I would be thankful for every kind of hint/explanation.
Best regards...Cliowa

 

[arildno]

Well,.when nothing else works, make the s=tan(u/2) substitution:
$$\cos(u)=\cos^{2}\frac{u}{2}-\sin^{2}\frac{u}{2}=\cos^{2}(\frac{u}{2})(1-s^{2})=\frac{(1-s^{2})}{\sec^{2}\frac{u}{2}}=\frac{(1-s^{2})}{1+s^{2}}$$
$$\frac{\sin(u)}{\sin(u)-1}=\frac{2\sin\frac{u}{2}\cos\frac{u}{2}}{2\sin\frac{u}{2}\cos\frac{u}{2}-\cos^{2}\frac{u}{2}-\sin^{2}\frac{u}{2}}=\frac{2s}{2s-s^{2}-1}=-\frac{2s}{(s-1)^{2}}$$

$$u=2\arctan(s)\to{du}=\frac{2ds}{1+s^{2}}$$

Collecting, we get to evaluate the integral:
$$-\int\frac{4s(1+s)^{2}}{(1+s^{2})^{3}}ds$$

 

[TD]

Before introducing trigonometry, I'd substitute $$y = \sqrt{1-x}$$.

 

[VietDao29]

...I tried substituting $$x=\sin^{2}(u)$$, which leaves me (standing) with
$$\int \frac{\sin(u)\cos^{2}(u)}{\sin(u)-1} du$$...

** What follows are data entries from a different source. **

Lemma minmap_of_spec y :
  [/\ pos_el (minmap_of P y) \in pblock P (Some y),
      neg_el (minmap_of P y) \in pblock P (Some y) &
      minabs (pblock P (Some y)) = (minmap_of P y).+1].
Proof.
have [[[j c]|] jB mj] := minabs_attained (in_blockP (Some y)); last first.
  by have := nonzero_block y; rewrite (def_pblock trivP (blockP _) jB) eqxx.
rewrite abs_to_int_Some /= in mj.
have -> : minmap_of P y = j by apply: val_inj; rewrite ffunE mj val_insubd /= ltn_ord.
by have := pair_in_block y j; rewrite mj eqxx => /andP[].
Qed.

Lemma block_pos_minmap_of y : pblock P (pos_el (minmap_of P y)) = pblock P (Some y).
Proof. by case: (minmap_of_spec y) => jB _ _; apply: same_pblock. Qed.

Lemma block_neg_minmap_of y : pblock P (neg_el (minmap_of P y)) = pblock P (Some y).
Proof. by case: (minmap_of_spec y) => _ jB _; apply: same_pblock. Qed.

Lemma eq_minmap_of y y' :
  (minmap_of P y == minmap_of P y') = (pblock P (Some y) == pblock P (Some y')).
Proof.
apply/eqP/eqP => [e|e]; first by rewrite -block_pos_minmap_of e block_pos_minmap_of.
case: (minmap_of_spec y) (minmap_of_spec y') => _ _ + [_ _]; rewrite e => -> [].
exact: val_inj.
Qed.

Lemma eq_omap_minmap_of x x' :
  (omap (minmap_of P) x == omap (minmap_of P) x') = (pblock P x == pblock P x').
Proof.
case: x => [y|]; case: x' => [y'|] /=; rewrite ?eqxx ?(inj_eq Some_inj) ?eq_minmap_of //.
- by rewrite (negbTE (nonzero_block y)).
- by rewrite [RHS]eq_sym (negbTE (nonzero_block y')).
Qed.

Lemma minmap_ofK : partition_of (minmap_of P) = P.
Proof.
rewrite -{2}(preim_partition_pblock partP); apply: eq_imset => x.
by apply/setP => y; rewrite !inE eq_omap_minmap_of.
Qed.

Lemma valid_minmap_of : valid_minmap (minmap_of P).
Proof.
apply/forallP=> j; apply/and4P; split.
- apply/eqP; apply/idP/idP => /eqP e.
    by rewrite -[X in _ == X]e eq_minmap_of -(block_neg_minmap_of (j, true)) e.
  by rewrite /leader -[X in _ == X]e eq_minmap_of -(block_pos_minmap_of (j, false)) e.
- by apply/forallP=> c; rewrite eq_minmap_of block_pos_minmap_of.
- apply/forallP=> c; case: (minmap_of_spec (j, c)) => _ _ m.
  by have := minabs_le (in_blockP (Some (j, c))); rewrite m abs_to_int_Some.
apply/implyP; rewrite eq_minmap_of => /eqP e.
have nj : neg_el j \in pblock P (Some (j, true)) by rewrite e in_blockP.
have := pair_in_block (j, true) j; rewrite in_blockP nj.
by case: (minmap_of_spec (j, true)) => _ _ -> /esym; rewrite eqSS val_eqE /leader eq_sym.
Qed.

Lemma nleaders_minmap_of : nleaders (minmap_of P) = k.
Proof.
have := card_partition_of valid_minmap_of; rewrite minmap_ofK.
by case/and4P: Pk => _ /eqP -> _ _ [].
Qed.

End MinmapOf.

Definition count_minmaps n k : nat :=
  #|[set f : minmap n | valid_minmap f && (nleaders f == k)]|.

Lemma card_signed_kparts_zero n k :
  #|[set P : {set {set pmset n}} |
       signed_kpart k P && (pblock P (zero_el n) == [set zero_el n])]| = count_minmaps n k.
Proof.
have -> : [set P : {set {set pmset n}} |
       signed_kpart k P && (pblock P (zero_el n) == [set zero_el n])]
     = @partition_of n @: [set f | valid_minmap f && (nleaders f == k)].
  apply/setP=> P; rewrite inE; apply/andP/imsetP => [[Pk /eqP P0]|[f]].
    exists (minmap_of P); last by rewrite (minmap_ofK Pk).
    by rewrite inE (valid_minmap_of Pk P0) (nleaders_minmap_of Pk P0) eqxx.
  rewrite inE => /andP[fP /eqP <-] ->.
  by rewrite signed_kpart_partition_of // zero_block_partition_of.
apply: card_in_imset => f g; rewrite !inE => /andP[fP _] /andP[gP _] e.
by rewrite -(partition_ofK fP) e partition_ofK.
Qed.

Section ExtendMinmap.
Variable n : nat.

Definition extend_minmap (g : minmap n) (a b : 'I_n.+1) : minmap n.+1 :=
  [ffun x => if unlift ord_max x.1 is Some j then lift ord_max (g (j, x.2))
             else if x.2 then a else b].

Definition restrict_minmap (f : minmap n.+1) : minmap n :=
  [ffun y => odflt y.1 (unlift ord_max (f (lift ord_max y.1, y.2)))].

Definition lifted_leader (g : minmap n) (a : 'I_n.+1) : bool :=
  if unlift ord_max a is Some j then leader g j else false.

You are forgetting a factor of 2. It should read:
$$2 \int \frac{\sin(u)\cos^{2}(u)}{\sin(u)-1} du$$ instead.
Now by using the Pythagorean Theorem, we have:
cos²x = 1 - sin²x = -(sin x - 1) (sin x + 1)
So you'll have:
$$2 \int \frac{\sin(u)\cos^{2}(u)}{\sin(u)-1} du = -2 \int \sin u (\sin u + 1) du$$.
You can go from here, right? :)

 

[arildno]

That was a bit simpler than mine, VietDao..

 

[cliowa]

Thank you very much, arildno, VietDao29 for your great help.
I figured out the rest on my own.
And, although s=tan(u/2) is a bit more complicated I think it's always good to have to ways to go.
Best regards...Cliowa